Inflation expectations in Queensland and Tasmania were the highest among Australian states in March. The overall index, on the other hand, is stuck at its lowest in over two years, according to research firm Roy Morgan.
Analysis by state showed that inflation expectations rose in New South Wales, Victoria, and Western Australia; and decreased in Queensland and South Australia. Figures were unchanged in Tasmania at 4.3%. Queensland posted a slight decline last month, with inflation expectations matching Tasmania’s at 4.3% -- tying the two states for the highest inflation expectations in the country.
Inflation expectations also fell in South Australia and are now right on the national average at 4%.
On the flip side of the coin, Victoria, which now has inflation expectations in line with the national average at 4%, led the increases in expectations.
While still marginally below the national average, New South Wales’ inflation expectations also increased to 3.9%. Western Australia climbed to 3.8% but once again recorded the lowest inflation expectations of any state.
In March, Australians across the nation expected inflation of only 4% per year over the next two years. The figures are unchanged compared to February but down a significant 0.3% year-over-year. The index remains at its lowest since late 2016 for a second straight month.
The research firm found that Australian electors’ inflation expectations increased slightly to 3.9% in March and are now just below the national average of 4%.
The index dropped by 0.2% for LNP supporters to only 3.4%. In contrast, the inflation expectations of ALP supporters increased by 0.2% to 4.1%.
Greens supporters now have the lowest inflation expectations of any group after another fall— down by 0.5% to 3.3%. Once again, supporters of independents/others have the highest inflation expectations of any group —up by 0.1% to 4.4%.
Moreover, inflation expectations by employment status showed declines across all employment categories compared to this time last year. Inflation expectations for the workforce, in general, have declined by 0.4% over the last year to 3.8% in March and remained below the national average of 4%.

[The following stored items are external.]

Lemma subalg2_classification lam h :
  subalg2 lam h -> same_sub h k_alg \/ exists a, same_sub h (j_alg a).
Proof.
  intros [[u [v [Hind Hh]]] Hcl].
  assert (Hcl_uv : forall X Y, span2 u v X -> span2 u v Y -> span2 u v (lbr lam X Y)).
  { intros X Y HX HY. apply Hh, Hcl; apply Hh; assumption. }
  destruct (Req_dec (c3 u) 0) as [Hu|Hu]; [destruct (Req_dec (c3 v) 0) as [Hv|Hv]|].
  - left. apply (same_sub_trans _ _ _ Hh), horizontal_span2; assumption.
  - right. exists (c2 v / c3 v).
    apply (same_sub_trans _ _ _ Hh), (same_sub_trans _ _ _ (span2_comm u v)).
    apply (transversal_span2 lam); [exact Hv | apply lin_indep2_comm; exact Hind |].
    intros X Y HX HY. apply span2_comm, Hcl_uv; apply span2_comm; assumption.
  - right. exists (c2 u / c3 u).
    apply (same_sub_trans _ _ _ Hh), (transversal_span2 lam); assumption.
Qed.

Lemma subalg2_k_alg lam : subalg2 lam k_alg.
Proof.
  split.
  - exists LE1, LE2. split; [|intro; reflexivity].
    intros a b E. split; [apply (f_equal Defs.c1) in E | apply (f_equal c2) in E];
      cbn in E; lra.
  - intros X Y [a [b ->]] [c [d ->]]. exists 0, 0.
    rewrite lbr_horizontal by (cbn; ring). apply lvec_eq; cbn; ring.
Qed.

Lemma subalg2_j_alg lam a : subalg2 lam (j_alg a).
Proof.
  split.
  - exists (j_vec a), LE1. split; [|intro; reflexivity].
    intros al be E. split; [apply (f_equal c3) in E | apply (f_equal Defs.c1) in E];
      cbn in E; lra.
  - intros X Y [al [be ->]] [ga [de ->]]. exists 0, (lam * (al * de - ga * be)).
    apply lvec_eq; cbn; ring.
Qed.

Lemma k_alg_abelian lam : abelian_sub lam k_alg.
Proof. intros X Y [a [b ->]] [c [d ->]]. apply lbr_horizontal; cbn; ring. Qed.

Lemma j_alg_abelian_lam0 a : abelian_sub 0 (j_alg a).
Proof. intros X Y [al [be ->]] [ga [de ->]]. apply lvec_eq; cbn; ring. Qed.

Lemma j_alg_not_abelian lam a : lam <> 0 -> ~ abelian_sub lam (j_alg a).
Proof.
  intros Hl Hab.
  assert (E := Hab (j_vec a) LE1 ltac:(exists 1, 0; apply lvec_eq; cbn; ring)
                                 ltac:(exists 0, 1; apply lvec_eq; cbn; ring)).
  apply (f_equal Defs.c1) in E. cbn in E. apply Hl. lra.
Qed.

Lemma conn_lie_subgroup2_k_alg lam : conn_lie_subgroup2 lam k_alg K0.
Proof.
  split; [apply subalg2_k_alg|].
  intro p. symmetry. apply integral_subgroup_k_alg.
Qed.

Lemma conn_lie_subgroup2_j_alg lam a : conn_lie_subgroup2 lam (j_alg a) (Jset lam a).
Proof.
  split; [apply subalg2_j_alg|].
  intro p. symmetry. apply integral_subgroup_j_alg.
Qed.

Theorem mainTheorem2 (lam : R) :
  (* every 2-dim connected Lie subgroup is one of the listed ones *)
  (forall (h : lvec -> Prop) (H : pset), conn_lie_subgroup2 lam h H ->
     (same_sub h (span2 LE1 LE2) /\ same_set H K0) \/
     (exists a : R, same_sub h (span2 (ladd LE3 (lscal a LE2)) LE1) /\
                    same_set H (Jset lam a))) /\
  (* (i) *)
  conn_lie_subgroup2 lam (span2 LE1 LE2) K0 /\
  abelian_sub lam (span2 LE1 LE2) /\
  (* (ii) *)
  (lam <> 0 -> forall a : R,
     conn_lie_subgroup2 lam (span2 (ladd LE3 (lscal a LE2)) LE1) (Jset lam a) /\
     solvable_sub lam (span2 (ladd LE3 (lscal a LE2)) LE1) /\
     ~ abelian_sub lam (span2 (ladd LE3 (lscal a LE2)) LE1)) /\
  (* (iii) *)
  (lam = 0 -> forall a : R,
     conn_lie_subgroup2 lam (span2 (ladd LE3 (lscal a LE2)) LE1) (Jset lam a) /\
     abelian_sub lam (span2 (ladd LE3 (lscal a LE2)) LE1)).
Proof.
  split; [|split; [|split; [|split]]].
  - intros h H [Hh HH].
    destruct (subalg2_classification lam h Hh) as [Hk|[a Ha]]; [left | right; exists a];
      split; auto; apply (same_set_trans _ _ _ HH).
    + apply (same_set_trans _ _ _ (integral_subgroup_same_sub lam _ _ Hk)).
      apply integral_subgroup_k_alg.
    + apply (same_set_trans _ _ _ (integral_subgroup_same_sub lam _ _ Ha)).
      apply integral_subgroup_j_alg.
  - apply conn_lie_subgroup2_k_alg.
  - apply k_alg_abelian.
  - intros Hl a. split; [|split].
    + apply conn_lie_subgroup2_j_alg.
    + intros X Y Z W _ _ _ _. apply lbr_lbr_lbr_eq0.
    + apply j_alg_not_abelian, Hl.
  - intros -> a. split; [apply conn_lie_subgroup2_j_alg | apply j_alg_abelian_lam0].
Qed.
(* Contexts only matter through the vector (pi(x))_pi, which ranges over
   a finite type, so the expectation is a finite weighted sum.  Consider the
   log-barrier potential Phi(P) = E_x sum_a -ln((1 - K mu) W_P(x,a) + mu), which
   is nonnegative.  Moving P towards the point mass at pi by a step e changes
   Phi by at most e K (1 - mu) - e (1 - K mu) V(P,pi) + K e^2/mu^2, where V(P,pi)
   is the expectation to be bounded.  If V(P,pi) > 2K, the step e = mu^3/2
   lowers Phi by more than K mu^4/4; hence any P whose potential is within
   K mu^4/4 of the infimum satisfies V(P,pi) <= 2K for every pi. *)

Lemma lnB_le (R : realType) (m y z : R) : 0 < m -> m <= y -> m <= z ->
  ln y - ln z <= (y - z) / y + (y - z) ^+ 2 / m ^+ 2.
Proof.
move=> m_gt0 my mz.
have y_gt0 : 0 < y := lt_le_trans m_gt0 my.
have z_gt0 : 0 < z := lt_le_trans m_gt0 mz.
have ln_le : ln y - ln z <= y / z - 1.
  rewrite -lnV ?posrE // -lnM ?posrE ?invr_gt0 //.
  have := @le_ln1Dx _ (y / z - 1); rewrite addrCA subrr addr0; apply.
  have : 0 < y / z by rewrite divr_gt0.
  lra.
apply: (le_trans ln_le).
have -> : y / z - 1 = (y - z) / y + (y - z) ^+ 2 / (y * z).
  by field; rewrite !gt_eqF.
rewrite lerD2l ler_wpM2l ?sqr_ge0 // lef_pV2 ?posrE ?mulr_gt0 ?exprn_gt0 //.
by rewrite expr2 ler_pM // ltW.
Qed.

Section Weights.
Variables (R : realType) (I : finType) (X : Type) (A : eqType).
Variables (pol : I -> X -> A) (Pi' : {set I}).
Implicit Types (P Q : I -> R) (e : R).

“Unsurprisingly, it is Australians in full-time employment who again have the lowest inflation expectations of any employment category at only 3.4% in March 2019, down by a significant 0.5% from a year ago and well below the national average of 4%. In contrast, it is unemployed Australians who have the highest inflation expectations of any employment category at 5%, although this is also down by 0.5% from a year ago. The inflation expectations of Australians not in the workforce (now 4.4%) and for under-employed Australians (4.2%) are both significantly higher than the general workforce (3.8%),” said Roy Morgan CEO Michele Levine. “These results show that Australians who are not earning a wage, or are looking for more work, generally expect higher inflation than those Australians working in full-time employment and better placed to deal with rising prices.”